By Margaret Fox & Sangeeta Mangubhai

A study by the Wildlife Conservation Society in partnership with the Ministry of Fisheries, Fiji Locally Managed Marine Area (FLMMA) Network and Women in Fisheries Network-Fiji (WiFN-Fiji), documented the impact of Cyclone Winston on mud crab fishers in Bua Province, on Fiji’s second biggest island of Vanua Levu. At least 48.5 percent of mud crab fishers interviewed had stopped harvesting crabs due to difficulties accessing their collection sites, damages and losses sustained to fishing gears and boats following the aftermath of the cyclone that hit Fiji in February last year.

The mud crab fishery is largely a high-value domestic fishery in Fiji providing an important source of livelihoods for local communities with access to healthy stands of mangrove forests. The fishery is dominated by women who have extensive knowledge about the crabs and the best places to find and catch them.

Following the cyclone, over half of the fishers noticed a change in the number of crabs caught post-cyclone and an increase in market price was reported by over a quarter of fishers interviewed. Initially, buyers made more frequent trips to buy mud crabs from fishers from less impacted villages. On average, crabs were sold for 15/kg, and ranging from 8/kg to 18/kg across Bua Province. This is on average 13 percent higher than pre-cyclone prices which averaged $10.90/kg.

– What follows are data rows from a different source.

(* Let $k$ be a positive integer, let $D$ be a digraph containing no subdivision of $B(k,1;k)$, let $\mathcal{C}$ be a $k$-suitable collection of directed cycles of $D$, and let $C_1\in\mathcal{C}$. Then the digraph $I^+(C_1)$ contains no directed cycle.
   Context: A collection $\mathcal{C}$ of directed cycles is $k$-suitable if every cycle of $\mathcal{C}$ has length at least $8k$ and for any two distinct $C_i,C_j\in\mathcal{C}$, the set $V(C_i)\cap V(C_j)$ is either empty or the vertex set of a directed path $P_{i,j}$ with at most $k$ vertices which is a subpath of both $C_i$ and $C_j$; $s_{i,j}$, $t_{i,j}$ denote the initial and terminal vertices of $P_{i,j}$. For a directed cycle $C$ and vertices $a,b$ on it, $C[a,b]$ is the directed subpath of $C$ from $a$ to $b$, and $C]a,b]$ denotes it with $a$ removed. $\mathcal{C}\cap C_1$ denotes the set of cycles of $\mathcal{C}$ other than $C_1$ sharing a vertex with $C_1$. For $C_j\in\mathcal{C}\cap C_1$, let $t(Q_j)$ be the vertex of $C_j$ with $C_j[t_{1,j},t(Q_j)]$ of length $3k$, and $Q^+_j=C_j]t_{1,j},t(Q_j)]$. $I^+(C_1)=\bigcup_{C_j\in\mathcal{C}\cap C_1}Q^+_j$ (union of digraphs). A digraph contains a subdivision of $B(k_1,k_2;k_3)$ if there exist distinct vertices $u,w$ and three pairwise internally vertex-disjoint directed paths: two from $u$ to $w$ of lengths at least $k_1$ and $k_2$, and one from $w$ to $u$ of length at least $k_3$. *)

From mathcomp Require Import all_boot.
Set Implicit Arguments.
Unset Strict Implicit.
Unset Printing Implicit Defensive.

Section Digraphs.
Variable V : finType.

Fixpoint ppath (A : V -> V -> Prop) (x : V) (s : seq V) : Prop :=
  match s with
  | [::] => True
  | y :: s' => A x y /\ ppath A y s'
  end.

(* A directed cycle of the digraph with arc relation A, given by its cyclic
   sequence of (pairwise distinct, at least 2) vertices; its length is size c. *)
Definition dicycle (A : V -> V -> Prop) (c : seq V) : Prop :=
  match c with
  | [::] => False
  | x :: s => uniq c /\ 2 <= size c /\ ppath A x (rcons s x)
  end.

(* Directed path x :: s in (V,E), from x to [last x s], of length [size s]. *)
Definition dipath (E : rel V) (x : V) (s : seq V) : bool :=
  uniq (x :: s) && path E x s.

Definition interior (x : V) (s : seq V) : seq V := behead (belast x s).

Definition disj (s1 s2 : seq V) : Prop := forall v, v \in s1 -> v \notin s2.

Definition has_B_subdiv (E : rel V) (k1 k2 k3 : nat) : Prop :=
  exists (u w : V) (s1 s2 s3 : seq V),
    [/\ u != w,
        [/\ dipath E u s1, last u s1 = w & k1 <= size s1],
        [/\ dipath E u s2, last u s2 = w & k2 <= size s2],
        [/\ dipath E w s3, last w s3 = u & k3 <= size s3] &
        [/\ s1 != s2,
            disj (interior u s1) (interior u s2),
            disj (interior u s1) (interior w s3) &
            disj (interior u s2) (interior w s3)]].

Definition subpath_of_cycle (P c : seq V) : Prop :=
  exists n, prefix P (rot n c).

Definition is_Pij (ci cj P : seq V) : Prop :=
  [/\ P != [::], subpath_of_cycle P ci, subpath_of_cycle P cj &
      forall v, v \in P <-> (v \in ci /\ v \in cj)].

Definition k_suitable (E : rel V) (k : nat) (I : finType) (C : I -> seq V) : Prop :=
  (forall i, dicycle (fun u v => E u v) (C i) /\ 8 * k <= size (C i)) /\
  (forall i j, i != j ->
     (forall v, v \in C i -> v \notin C j) \/
     (exists P, is_Pij (C i) (C j) P /\ size P <= k)).

Definition cyc_from (c : seq V) (a : V) : seq V := rot (index a c) c.

Definition seq_arc (s : seq V) (u v : V) : Prop :=
  exists s1 s2, s = s1 ++ u :: v :: s2.

(* Q^+_j = C_j]t_{1,j}, t(Q_j)] as a vertex sequence: the 3k vertices
   following t on C_j. *)
Definition Qplus (k : nat) (cj : seq V) (t : V) : seq V :=
  take (3 * k) (behead (cyc_from cj t)).

(* Arc relation of the digraph I^+(C_{i1}) = union of the Q^+_j over the
   cycles C_j (j != i1) meeting C_{i1}; t_{1,j} is the last vertex of P_{1,j}. *)
Definition Iplus_arc (k : nat) (I : finType) (C : I -> seq V) (i1 : I)
    (u v : V) : Prop :=
  exists j, [/\ j != i1, (exists x, x \in C i1 /\ x \in C j) &
    exists (s : V) (P : seq V),
      is_Pij (C i1) (C j) (s :: P) /\
      seq_arc (Qplus k (C j) (last s P)) u v].

End Digraphs.

From mathcomp Require Import all_boot zify.
Set Implicit Arguments. Unset Strict Implicit. Unset Printing Implicit Defensive.

(* Suppose I^+(C_1) contains a directed cycle.  Each of its vertices x lies
   on some Q^+_j, at distance p from t_{1,j}; choose x with p minimal and let
   z, on Q^+_l, be its predecessor on the cycle.  By minimality z is not the
   predecessor of x on C_j, so j <> l and x is the first vertex of P_{j,l}:
   the arcs of C_j and C_l leading to x avoid the other cycle.  The arc of
   C_1 from t_{1,l} to t_{1,j} followed by C_j up to x is then an ear of C_l
   from t_{1,l} to x, and symmetrically with j and l exchanged; as C_1 has
   length at least 8k one of the two ears has length at least k, and an ear
   of length k on a cycle of length 8k yields a subdivision of B(k,1;k). *)

(* The same [size s] may reach [lia] through different coercions to the
   carrier type, which it would treat as distinct atoms. *)
Ltac size_lia :=
  repeat match goal with
  | H : is_true (_ <= _) |- _ => revert H
  | H : @eq nat _ _ |- _ => revert H
  end;
  rewrite ?[size (_ :: _)]/=;
  repeat match goal with |- context [@size ?T ?s] =>
    let N := fresh "N" in set N := @size T s end;
  intros; lia.

Lemma belast_traject (T : Type) (f : T -> T) x n :
  belast x (traject f (f x) n) = traject f x n.
Proof. by elim: n x => //= n IHn x; rewrite IHn. Qed.

Section CycleSuccessor.
Variables (T : eqType) (c : seq T).
Hypothesis c_uniq : uniq c.
Implicit Types (a b y : T) (m n q : nat).

Lemma rot_next_traject n0 a s : rot n0 c = a :: s ->
  rcons s a = traject (next c) (next c a) (size c).
Proof.
move=> Drot; have : fcycle (next c) (rot n0 c).
  by rewrite -(eq_fcycle (next_rot n0 c_uniq)) cycle_next ?rot_uniq.
by rewrite Drot /= => /fpathE ->; rewrite size_rcons -(size_rot n0 c) Drot.
Qed.

Lemma traject_next_size a : a \in c ->
  traject (next c) a (size c) = rot (index a c) c.
Proof.
move=> ac; rewrite -belast_traject -(rot_next_traject (rot_index ac)).
by rewrite belast_rcons (rot_index ac).
Qed.

Lemma iter_next_size a : a \in c -> iter (size c) (next c) a = a.
Proof.
move=> ac; rewrite -(last_traject (next c) a) -(rot_next_traject (rot_index ac)).
exact: last_rcons.
Qed.

Lemma mem_iter_next a m : a \in c -> iter m (next c) a \in c.
Proof. by move=> ac; elim: m => //= m IHm; rewrite mem_next. Qed.

Lemma traject_next_sub a n : a \in c -> {subset traject (next c) a n <= c}.
Proof. by move=> ac y /trajectP[i _ ->]; apply: mem_iter_next. Qed.

Lemma iter_next_wrap a m : a \in c -> iter (size c + m) (next c) a = iter m (next c) a.
Proof. by move=> ac; rewrite addnC iterD iter_next_size. Qed.

Lemma traject_next_uniq a n : a \in c -> n <= size c -> uniq (traject (next c) a n).
Proof.
move=> ac le_n; rewrite -(take_traject _ _ le_n) traject_next_size //.
by rewrite take_uniq ?rot_uniq.
Qed.

Lemma iter_next_inj a m1 m2 : a \in c -> m1 < size c -> m2 < size c ->
  iter m1 (next c) a = iter m2 (next c) a -> m1 = m2.
Proof.
move=> ac lt1 lt2; rewrite -(nth_traject _ lt1) -(nth_traject _ lt2) => /eqP.
by rewrite nth_uniq ?size_traject ?traject_next_uniq // => /eqP.
Qed.

Lemma iter_next_onto a y : a \in c -> y \in c ->
  exists2 m, m < size c & y = iter m (next c) a.
Proof. by move=> ac; rewrite -(mem_rot (index a c)) -traject_next_size // => /trajectP. Qed.

Section Meet.
Variables (c' : seq T) (b : T) (q : nat).
Hypothesis b_in : b \in c.
Hypothesis meet : {in c, forall y, (y \in c') = (y \in traject (next c) b q)}.

Lemma iter_next_notin m : q <= m < size c -> iter m (next c) b \notin c'.
Proof.
case/andP=> le_qm lt_m; rewrite meet ?mem_iter_next //.
apply/trajectP=> -[i lt_iq /(iter_next_inj b_in lt_m) eq_mi]; lia.
Qed.

(* An arc ending outside [c'] cannot wrap around past [b]: it would end on
   the common path. *)
Lemma iter_next_notin_upto e m : e < size c + q ->
  iter e (next c) b \notin c' -> q <= m <= e -> iter m (next c) b \notin c'.
Proof.
move=> lt_e notin_e /andP[le_qm le_me].
case: (ltnP e (size c)) => [lt_e_size | le_size_e].
  by apply: iter_next_notin; lia.
move: notin_e; rewrite -(subnKC le_size_e) iter_next_wrap // meet ?mem_iter_next //.
by case/negP; apply/trajectP; exists (e - size c); first lia.
Qed.

End Meet.

End CycleSuccessor.

Lemma common_traject_prev (T : eqType) (c c' : seq T) b q x :
  uniq c -> uniq c' -> traject (next c) b q = traject (next c') b q ->
  x \in traject (next c) b q -> x != b -> prev c x = prev c' x.
Proof.
move=> Uc Uc' Dtraj /trajectP[[|i] lt_iq ->]; rewrite ?eqxx // => _.
have Diter m : m < q -> iter m (next c) b = iter m (next c') b.
  by move=> lt_mq; rewrite -!(nth_traject _ lt_mq) Dtraj.
by rewrite [in RHS]Diter // !iterS (prev_next Uc) (prev_next Uc') Diter // ltnW.
Qed.

Section DigraphPaths.
Variables (V : finType) (E : rel V).
Implicit Types (c ci cj s P : seq V) (b u v w x : V).

Lemma interior_traject (f : V -> V) x n :
  interior x (traject f (f x) n) = traject f (f x) n.-1.
Proof. by rewrite /interior belast_traject; case: n. Qed.

Lemma interior_rcons x s y : interior x (rcons s y) = s.
Proof. by rewrite /interior belast_rcons. Qed.

Lemma subpath_traject c b P : uniq c -> subpath_of_cycle (b :: P) c ->
  b :: P = traject (next c) b (size P).+1.
Proof.
move=> Uc [n0 pre]; have := size_prefix pre; rewrite size_rot /= => lt_P.
case/prefixP: pre => s2 Drot.
have := congr1 (take (size P)) (rot_next_traject Uc Drot).
by rewrite rcons_cat take_size_cat // take_traject 1?ltnW // => <-.
Qed.

Lemma path_traject_next c a n : cycle E c -> a \in c ->
  path E a (traject (next c) (next c a) n).
Proof.
move=> cyc; elim: n a => //= n IHn a ac.
by rewrite (next_cycle cyc ac) IHn ?mem_next.
Qed.

Lemma dipath_traject_next c a n : uniq c -> cycle E c -> a \in c -> n < size c ->
  dipath E a (traject (next c) (next c a) n).
Proof.
move=> Uc cyc ac lt_n; rewrite /dipath path_traject_next // andbT.
exact: (traject_next_uniq Uc ac lt_n).
Qed.

Lemma seq_arc_traject (f : V -> V) x n u v : seq_arc (traject f x n) u v ->
  exists2 i, i.+1 < n & u = iter i f x /\ v = f u.
Proof.
case=> s1 [s2 Dtraj]; have size_n := size_traject f x n.
rewrite Dtraj size_cat /= in size_n.
exists (size s1); first lia.
have nth_s1 i : i < 2 -> nth x (traject f x n) (size s1 + i) = iter (size s1 + i) f x.
  by move=> lt_i2; apply: nth_traject; lia.
move: (nth_s1 0 erefl) (nth_s1 1 erefl).
rewrite Dtraj !nth_cat !addn0 ltnn subnn ltnNge leq_addr /= addnC addnK.
by move=> -> /= ->.
Qed.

Tropical Cyclone Winston had caused damages and losses estimated at FJ$1.99 billion. Fisheries which made up 1.8 per cent of Fiji’s GDP in 2015, sustained damages and losses estimated at over FJ$40.7million according to the government-led Post-Disaster Needs Assessment (PDNA), that is guiding Fiji’s recovery efforts. However, the PDNA did not have time to collect detailed data on the impact to local fishers, particularly women fishers.

The study was conducted through April to May to assess social and economic impacts of the cyclone on mud crab fishery in the Province, and provide recommendations for government and development partners on where recovery and rehabilitation efforts should be directed.

Some of the key recommendations made from mud crab study are:

  • Ensure government support to fishing communities in gender sensitive and takes into consideration the losses and damages incurred by women fishers;
  • Provide up to date information to women fishers on pricing to ensure they get fair price for mud crabs;
  • Encourage villagers and districts to establish regulations or guidelines for the mud crab fishery which promotes the resilience of the fishery to cyclone events;
  • Ensure districts with damaged mangroves within their tabu areas remained closed to help promote recovery; and
  • Continue to monitor the mud crab fishery to gauge the recovery of the fishery and the impact to subsistence and livelihoods in Bua Province.